====== Information ======
(* $R_{static}\le R^{go}_\infty\le R^{go}_B\le R^{go}_1\le R^{ub}$ for every $B\in\mathbb N$.
   Context: Let $\mathcal X$ be a finite set, $\Delta_{\mathcal X}$ the set of probability distributions on $\mathcal X$, and $\Delta_K$ the probability simplex on $[K]$. A bandit is $\nu=(\nu_a)_{a\in[K]}\in(\Delta_{\mathcal X})^K$, all arm distributions having full support on $\mathcal X$; $D$ is KL divergence. Let $\xi_1,\dots,\xi_K$ be pairwise disjoint nonempty compact sets of bandits, $\xi=\bigcup_i\xi_i$, $i^*(\nu)=i$ iff $\nu\in\xi_i$. For $B\in\mathbb N$, with sample paths $Q^B=(Q_1,\dots,Q_B)$, $Q_l=(Q_{l,a})_a\in(\Delta_{\mathcal X})^K$, $Q^l=(Q_1,\dots,Q_l)$, allocation rules $r^B=(r_1,\dots,r_B)$ with $r_l:((\Delta_{\mathcal X})^K)^l\to\Delta_K$ arbitrary, and decision rules $J:((\Delta_{\mathcal X})^K)^B\to[K]$ arbitrary, define $$R^{go}_B=\sup_{r^B,J}\inf_{Q^B}\inf_{\nu\in\xi:\,i^*(\nu)\ne J(Q^B)}\frac1B\sum_{l=1}^B\sum_{a}r_l(Q^l)(a)D(Q_{l,a}\|\nu_a),$$ and $R^{go}_\infty=\lim_{B\to\infty}R^{go}_B$ (this limit is known to exist and to equal $\inf_{B}R^{go}_B$). Define $$R_{static}=\sup_{w\in\Delta_K}\ \inf_{a\neq a'}\ \inf_{\nu\in\xi_a,\nu'\in\xi_{a'}}\ \max_{s\in[0,1]}\ -\sum_{b\in[K]}w_b\log\Big(\sum_{x\in\mathcal X}\nu'_b(x)^s\nu_b(x)^{1-s}\Big),$$ the Chernoff information $C(p,q)=\max_{s\in[0,1]}-\log\sum_{x}q(x)^sp(x)^{1-s}$, and $$R^{ub}=\inf_{a\neq a'}\ \inf_{\nu\in\xi_a,\nu'\in\xi_{a'}}\ \max_{b\in[K]}C(\nu_b,\nu'_b).$$ *)

From mathcomp Require Import all_boot all_order all_algebra.
From mathcomp Require Import all_classical all_reals all_analysis.
Set Implicit Arguments. Unset Strict Implicit. Unset Printing Implicit Defensive.
Import Order.TTheory GRing.Theory Num.Theory numFieldNormedType.Exports.
Local Open Scope classical_set_scope.
Local Open Scope ring_scope.

Definition is_dist (R : realType) (T : finType) (p : T -> R) : Prop :=
  (forall t, 0 <= p t) /\ \sum_(t : T) p t = 1.

Definition is_bandit (R : realType) (K : nat) (X : finType)
  (nu : 'I_K -> X -> R) : Prop :=
  forall a, is_dist (nu a) /\ (forall x, 0 < nu a x).

(* Compactness of a set of bandits, in the (Euclidean = product) topology
   of ('I_K -> X -> R). *)
Definition bandit_compact (R : realType) (K : nat) (X : finType)
  (A : set ('I_K -> X -> R)) : Prop :=
  compact (A : set {ptws 'I_K -> {ptws X -> R}}).

(* KL divergence D(q || p) = sum_x q(x) log(q(x)/p(x)) (terms with q(x)=0 vanish). *)
Definition KL (R : realType) (X : finType) (q p : X -> R) : R :=
  \sum_(x : X) q x * ln (q x / p x).

Definition bhatt (R : realType) (X : finType) (s : R) (p q : X -> R) : R :=
  \sum_(x : X) (q x `^ s) * (p x `^ (1 - s)).

(* Chernoff information C(p,q) = max_{s in [0,1]} - log sum_x q(x)^s p(x)^(1-s)
   (written as a supremum, which is attained). *)
Definition chernoff (R : realType) (X : finType) (p q : X -> R) : \bar R :=
  ereal_sup [set (- ln (bhatt s p q))%:E | s in [set s : R | 0 <= s <= 1]].

Definition R_static (R : realType) (K : nat) (X : finType)
  (xi : 'I_K -> set ('I_K -> X -> R)) : \bar R :=
  ereal_sup [set v | exists w : 'I_K -> R, is_dist w /\
    v = ereal_inf [set u | exists a a' : 'I_K, a != a' /\
      u = ereal_inf [set t | exists nu nu', xi a nu /\ xi a' nu' /\
        t = ereal_sup [set (- \sum_(b < K) w b * ln (bhatt s (nu b) (nu' b)))%:E
                      | s in [set s : R | 0 <= s <= 1]]]]].

Definition R_ub (R : realType) (K : nat) (X : finType)
  (xi : 'I_K -> set ('I_K -> X -> R)) : \bar R :=
  ereal_inf [set u | exists a a' : 'I_K, a != a' /\
    u = ereal_inf [set t | exists nu nu', xi a nu /\ xi a' nu' /\
      t = ereal_sup [set chernoff (nu b) (nu' b) | b in [set: 'I_K]]]].

(* Sample paths Q^B = (Q_1,...,Q_B) (0-indexed by 'I_B), Q_l in (Delta_X)^K. *)
Definition is_path (R : realType) (K : nat) (X : finType) (B : nat)
  (Q : 'I_B -> 'I_K -> X -> R) : Prop :=
  forall l a, is_dist (Q l a).

(* Allocation rules r^B: r_l depends only on the prefix Q^l = (Q_j)_{j <= l}
   and takes values in Delta_K. (An arbitrary function of the prefix is the
   same thing as a function of the whole path depending only on the prefix.) *)
Definition is_alloc (R : realType) (K : nat) (X : finType) (B : nat)
  (r : 'I_B -> ('I_B -> 'I_K -> X -> R) -> 'I_K -> R) : Prop :=
  (forall l Q, is_dist (r l Q)) /\
  (forall (l : 'I_B) Q Q', (forall j : 'I_B, (j <= l)%N -> Q j = Q' j) ->
     r l Q = r l Q').

Definition go_obj (R : realType) (K : nat) (X : finType) (B : nat)
  (r : 'I_B -> ('I_B -> 'I_K -> X -> R) -> 'I_K -> R)
  (Q : 'I_B -> 'I_K -> X -> R) (nu : 'I_K -> X -> R) : R :=
  B%:R^-1 * \sum_(l < B) \sum_(a < K) r l Q a * KL (Q l a) (nu a).

Definition R_go (R : realType) (K : nat) (X : finType)
  (xi : 'I_K -> set ('I_K -> X -> R)) (B : nat) : \bar R :=
  ereal_sup [set v | exists (r : 'I_B -> ('I_B -> 'I_K -> X -> R) -> 'I_K -> R)
      (J : ('I_B -> 'I_K -> X -> R) -> 'I_K), is_alloc r /\
    v = ereal_inf [set u | exists Q, is_path Q /\
      u = ereal_inf [set (go_obj r Q nu)%:E
                    | nu in [set nu | exists i, i != J Q /\ xi i nu]]]].

Definition R_go_inf (R : realType) (K : nat) (X : finType)
  (xi : 'I_K -> set ('I_K -> X -> R)) : \bar R :=
  lim (R_go xi @ \oo).

From Pilot Require Import Defs.
From mathcomp Require Import all_boot all_order all_algebra.
From mathcomp Require Import all_classical all_reals all_analysis.
From mathcomp Require Import ring lra zify.
Import Order.TTheory GRing.Theory Num.Theory numFieldNormedType.Exports.
Local Open Scope classical_set_scope.
Local Open Scope ring_scope.
Set Implicit Arguments. Unset Strict Implicit. Unset Printing Implicit Defensive.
======
Task: The entries above hold a line with "(forall t, 0" and a later line with "forall a, is_dist". Write out exactly those lines and all lines between, nothing more.

Response to the task:
  (forall t, 0 <= p t) /\ \sum_(t : T) p t = 1.

Definition is_bandit (R : realType) (K : nat) (X : finType)
  (nu : 'I_K -> X -> R) : Prop :=
  forall a, is_dist (nu a) /\ (forall x, 0 < nu a x).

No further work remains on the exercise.